Microarray data are (i) noisy owing to missing or erroneous values; (ii) high dimensional
owing to a large number of genes versus a low number of samples in which their expression
levels are measured; (iii) costly owing to expensive microarray experiments. As the number
of samples is few, specifically in cancer studies, the learning ability of machine learning
methods depends on the sample size of the training set, and the robustness of their
prognosis is based on the sample size of the testing set; microarray gene expression data
must be jointly analyzed to increase prognosis performance.Two types of methods have been used for this purpose: Meta-analysis and data integration
or data merging. While the former increases sample size by combining the results of
different studies [ 1–12 ], the latter pools the gene expression data into a single set [ 13–30 ]. As the results of studies are aggregated in meta-analysis, no data
adjustment or transformation is required, and heterogeneity between studies is often taken
into account by the assumption of random effect. In data integration, however, heterogeneity
in the data source is a more complicated issue that needs to be addressed to avoid biases.
To this end, data merging methods adjust data generated from different sources or batches
before their combination into a single set.Various data integration methods have been developed to remove batch effects. Singular
Value Decomposition (SVD) [ 31 ]/Principal
Component Analysis (PCA), Distance Weighted Discrimination (DWD) [ 32 ], ComBat [ 33 ]
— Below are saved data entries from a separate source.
Lemma prod_ffact_levels (s : nat) (T : finType) (lev : T -> 'I_s) (rk : T -> nat)
  (xs : 'I_s -> algC) :
  injective rk -> (forall a b, (lev a < lev b)%N -> (rk a < rk b)%N) ->
  forall X : {set T},
  \prod_(a in X) (xs (lev a) - #|[set b in X | (rk b < rk a)%N]|%:R) =
  \prod_(i < s) ffact (xs i - #|[set b in X | (lev b < i)%N]|%:R)
                      #|[set b in X | lev b == i]|.
Proof.
move=> rk_inj rk_mono X.
rewrite (partition_big lev xpredT) //; apply: eq_bigr => i _.
set c := #|[set b in X | (lev b < i)%N]|; set Xi := [set b in X | lev b == i].
transitivity (\prod_(l < #|Xi|) (xs i - (c + l)%:R)); last first.
  by apply: eq_bigr => l _; rewrite natrD opprD addrA.
rewrite -(prod_rank (fun l => xs i - (c + l)%:R) rk_inj).
apply: eq_big => [a|a /andP[aX /eqP ai]]; first by rewrite inE.
subst i; congr (_ - _%:R).
have below_a : [set b in X | (rk b < rk a)%N] =
    [set b in X | (lev b < lev a)%N] :|: [set b in Xi | (rk b < rk a)%N].
  apply/setP=> b; rewrite !inE; have [bX|] //= := boolP (b \in X).
  rewrite -val_eqE /=; case: (ltngtP (lev b) (lev a)) => [lt|gt|//] /=; first by rewrite rk_mono.
  by apply/negbTE; rewrite -leqNgt ltnW // rk_mono.
have disj : [set b in X | (lev b < lev a)%N] :&: [set b in Xi | (rk b < rk a)%N] = set0.
  apply/setP=> b; rewrite !inE -val_eqE /=; apply/negbTE.
  by case: (ltngtP (lev b) (lev a)); rewrite //= !andbF.
by rewrite below_a cardsU disj cards0 subn0.
Qed.

Section Atoms.
Variables (s r : nat) (k : 'I_r -> 'I_s -> nat).

Definition ktot : nat := (\sum_(j < r) \sum_(i < s) k j i)%N.

(* The atom (i, j, l) stands for the l-th unit of k j i; it is [active] when
   l < k j i.  The bound ktot.+1 on l only serves to make the type finite. *)
Definition atom := ('I_s * 'I_r * 'I_ktot.+1)%type.
Definition lvl (a : atom) : 'I_s := a.1.1.
Definition idx (a : atom) : 'I_r := a.1.2.
Definition active (a : atom) : bool := (a.2 < k (idx a) (lvl a))%N.
Definition arank (a : atom) : nat := ((lvl a * r + idx a) * ktot.+1 + a.2)%N.
Definition atoms (B : {set 'I_r}) : {set atom} := [set a | active a && (idx a \in B)].

Lemma k_lt_ktot j i : (k j i < ktot.+1)%N.
Proof. by rewrite ltnS /ktot (bigD1 j) //= (bigD1 i) //= -addnA leq_addr. Qed.

Lemma arank_inj : injective arank.
Proof.
move=> [[i j] l] [[i' j'] l'] /=; rewrite /arank /lvl /idx /= => e.
have ll' : (l : nat) = l'.
  by move: (congr1 (modn^~ ktot.+1) e); rewrite !modnMDl !modn_small.
have e1 : (i * r + j = i' * r + j')%N.
  by move: (congr1 (divn^~ ktot.+1) e); rewrite !divnMDl // !divn_small // !addn0.
have jj' : (j : nat) = j'.
  by move: (congr1 (modn^~ r) e1); rewrite !modnMDl !modn_small.
have ii' : (i : nat) = i'.
  have r_gt0 : (0 < r)%N by case: r j {e e1 jj'} => // -[].
  by move: (congr1 (divn^~ r) e1); rewrite !divnMDl // !divn_small // !addn0.
by congr (_, _, _); apply: val_inj.
Qed.

Lemma arank_mono a b : (lvl a < lvl b)%N -> (arank a < arank b)%N.
Proof.
rewrite /arank => lt_ab; have := ltn_ord a.2; have idx_lt := ltn_ord (idx a).
have : ((lvl a).+1 * r <= lvl b * r)%N by rewrite leq_mul2r lt_ab orbT.
rewrite mulSn => le_ab.
have : ((lvl a * r + idx a).+1 * ktot.+1 <= lvl b * r * ktot.+1)%N.
  by rewrite leq_mul2r; apply/orP; right; lia.
nia.
Qed.

Lemma card_atoms_lvl_eq B i :
  #|[set a in atoms B | lvl a == i]| = (\sum_(j in B) k j i)%N.
Proof.
rewrite -sum1_card big_mkcond /=.
transitivity (\sum_(ij : 'I_s * 'I_r) \sum_(l : 'I_ktot.+1)
   (if [&& (l < k ij.2 ij.1)%N, ij.2 \in B & ij.1 == i] then 1 else 0))%N.
  rewrite pair_bigA; apply: eq_bigr => -[[i' j] l] _ /=.
  by rewrite !inE /active /lvl /idx /= andbA.
rewrite -(pair_bigA _ (fun i' j => \sum_(l : 'I_ktot.+1)
  (if [&& (l < k j i')%N, j \in B & i' == i] then 1 else 0))%N) /=.
rewrite (bigD1 i) //= [X in (_ + X)%N]big1 ?addn0; last first.
  move=> i' neq; apply: big1 => j _; apply: big1 => l _.
  by rewrite (negbTE neq) !andbF.
rewrite [RHS]big_mkcond /=; apply: eq_bigr => j _.
rewrite eqxx; case: (j \in B) => /=; last by rewrite big1 //= => l _; rewrite andbF.
rewrite -big_mkcond /= (eq_bigl (fun l : 'I_ktot.+1 => (l < k j i)%N)); last first.
  by move=> l; rewrite andbT.
by rewrite (big_ord_narrow (ltnW (k_lt_ktot j i))) sum1_card card_ord.
Qed.

Lemma card_atoms_lvl_lt B i : #|[set a in atoms B | (lvl a < i)%N]| =
   (\sum_(i' < s | (i' < i)%N) \sum_(j in B) k j i')%N.
Proof.
rewrite -sum1_card (partition_big lvl (fun i' : 'I_s => (i' < i)%N)); last first.
  by move=> a; rewrite inE => /andP[].
apply: eq_bigr => i' lt_i'i; rewrite -card_atoms_lvl_eq -sum1_card.
apply: eq_bigl => a; rewrite !inE.
by case: eqP => [->|]; rewrite ?lt_i'i ?andbT ?andbF.
Qed.

Lemma gffact_atoms (nv : 'I_s -> nat) (B : {set 'I_r}) :
  gffact nv (fun i => \sum_(j in B) k j i)%N =
  \prod_(a in atoms B) ((nv (lvl a))%:R - #|[set b in atoms B | (arank b < arank a)%N]|%:R).
Proof.
rewrite (prod_ffact_levels (fun i => (nv i)%:R) arank_inj arank_mono) /gffact.
by apply: eq_bigr => i _; rewrite card_atoms_lvl_eq card_atoms_lvl_lt.
Qed.

(* Expanding each factor n_i - #{earlier atoms of the block} of [gffact_atoms],
   an atom either picks n_i (choice None) or the -1 of an earlier atom b
   (choice Some b).  That b lies in the same block is not part of the weight
   but is imposed by [compat], so that the weight does not depend on pi. *)
Definition choice_weight (nv : 'I_s -> nat) (a : atom) (c : option atom) : algC :=
  if active a then
    if c is Some b then (if active b && (arank b < arank a)%N then -1 else 0)
    else (nv (lvl a))%:R
  else (if c is Some _ then 0 else 1).

Definition weight (nv : 'I_s -> nat) (F : {ffun atom -> option atom}) : algC :=
  \prod_a choice_weight nv a (F a).

Definition choice_compat (pi : {set {set 'I_r}}) (a : atom) (c : option atom) : bool :=
  if c is Some b then pblock pi (idx a) == pblock pi (idx b) else true.

Definition compat (pi : {set {set 'I_r}}) (F : {ffun atom -> option atom}) : bool :=
  [forall a, choice_compat pi a (F a)].

Lemma sum_choice_weight nv pi a : Theta pi ->
  \sum_c choice_weight nv a c * (choice_compat pi a c)%:R =
  if active a then
    (nv (lvl a))%:R - #|[set b in atoms (pblock pi (idx a)) | (arank b < arank a)%N]|%:R
  else 1.
Proof.
move=> pi_part; have tI := partition_trivIset pi_part.
have pi_cover x : x \in cover pi by rewrite (cover_partition pi_part) inE.
rewrite sum_option /choice_weight mulr1; case: (active a) => /=; last first.
  by rewrite big1 ?addr0 // => b _; rewrite mul0r.
congr (_ + _); rewrite -sum1_card natr_sum -sumrN [RHS]big_mkcond /=.
apply: eq_bigr => b _; rewrite !inE (eq_pblock _ tI (pi_cover _)).
by case: (active b); case: (idx b \in _); case: (arank b < arank a)%N;
  rewrite /= ?mulr0 ?mul0r ?mulr1 ?oppr0.
Qed.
and Z -score normalization [ 34 ] can be recognized among these methods. SVD/PCA, DWD and ComBat are known to
be complex, more so than Z -score normalization. DWD requires large batch
sizes, whereas Z -score normalization and ComBat can be applied to the data
ensembles containing few samples per batch. There may be two other disadvantages with DWD:
This method is applied to two data sets at a time, and its application to many data sets can
be time-consuming and tedious. Furthermore, DWD may not adjust data if the data population
is strongly spread [ 32 ].In previous studies, only one joint analysis method, either data merging or meta-analysis,
was applied to ensemble of data sets generated from different sources or batches in subtype
tumor classification or survival prediction [ 1–4 , 11 , 13–23 , 35–48 ]. Few of these studies applied a joint analysis method to predict survival
as a quantitative outcome [ 2 , 4 , 12 , 29 , 30 , 35–37 , 46 ]. In this article, three
joint analysis methods, namely, Z -score normalization, ComBat and
meta-analysis, were applied to the simulated and breast cancer data sets for
cross-comparison of joint analysis methods and to investigate their performance in
identifying gene signatures in survival prediction and risk assessment. These approaches
were evaluated by using identical feature selection and bias reduction methods so that the
results would mainly reflect the differences of the joint analysis methods.
Results and Discussion
Simulation
To test and compare the different strategies, four survival data sets were simulated.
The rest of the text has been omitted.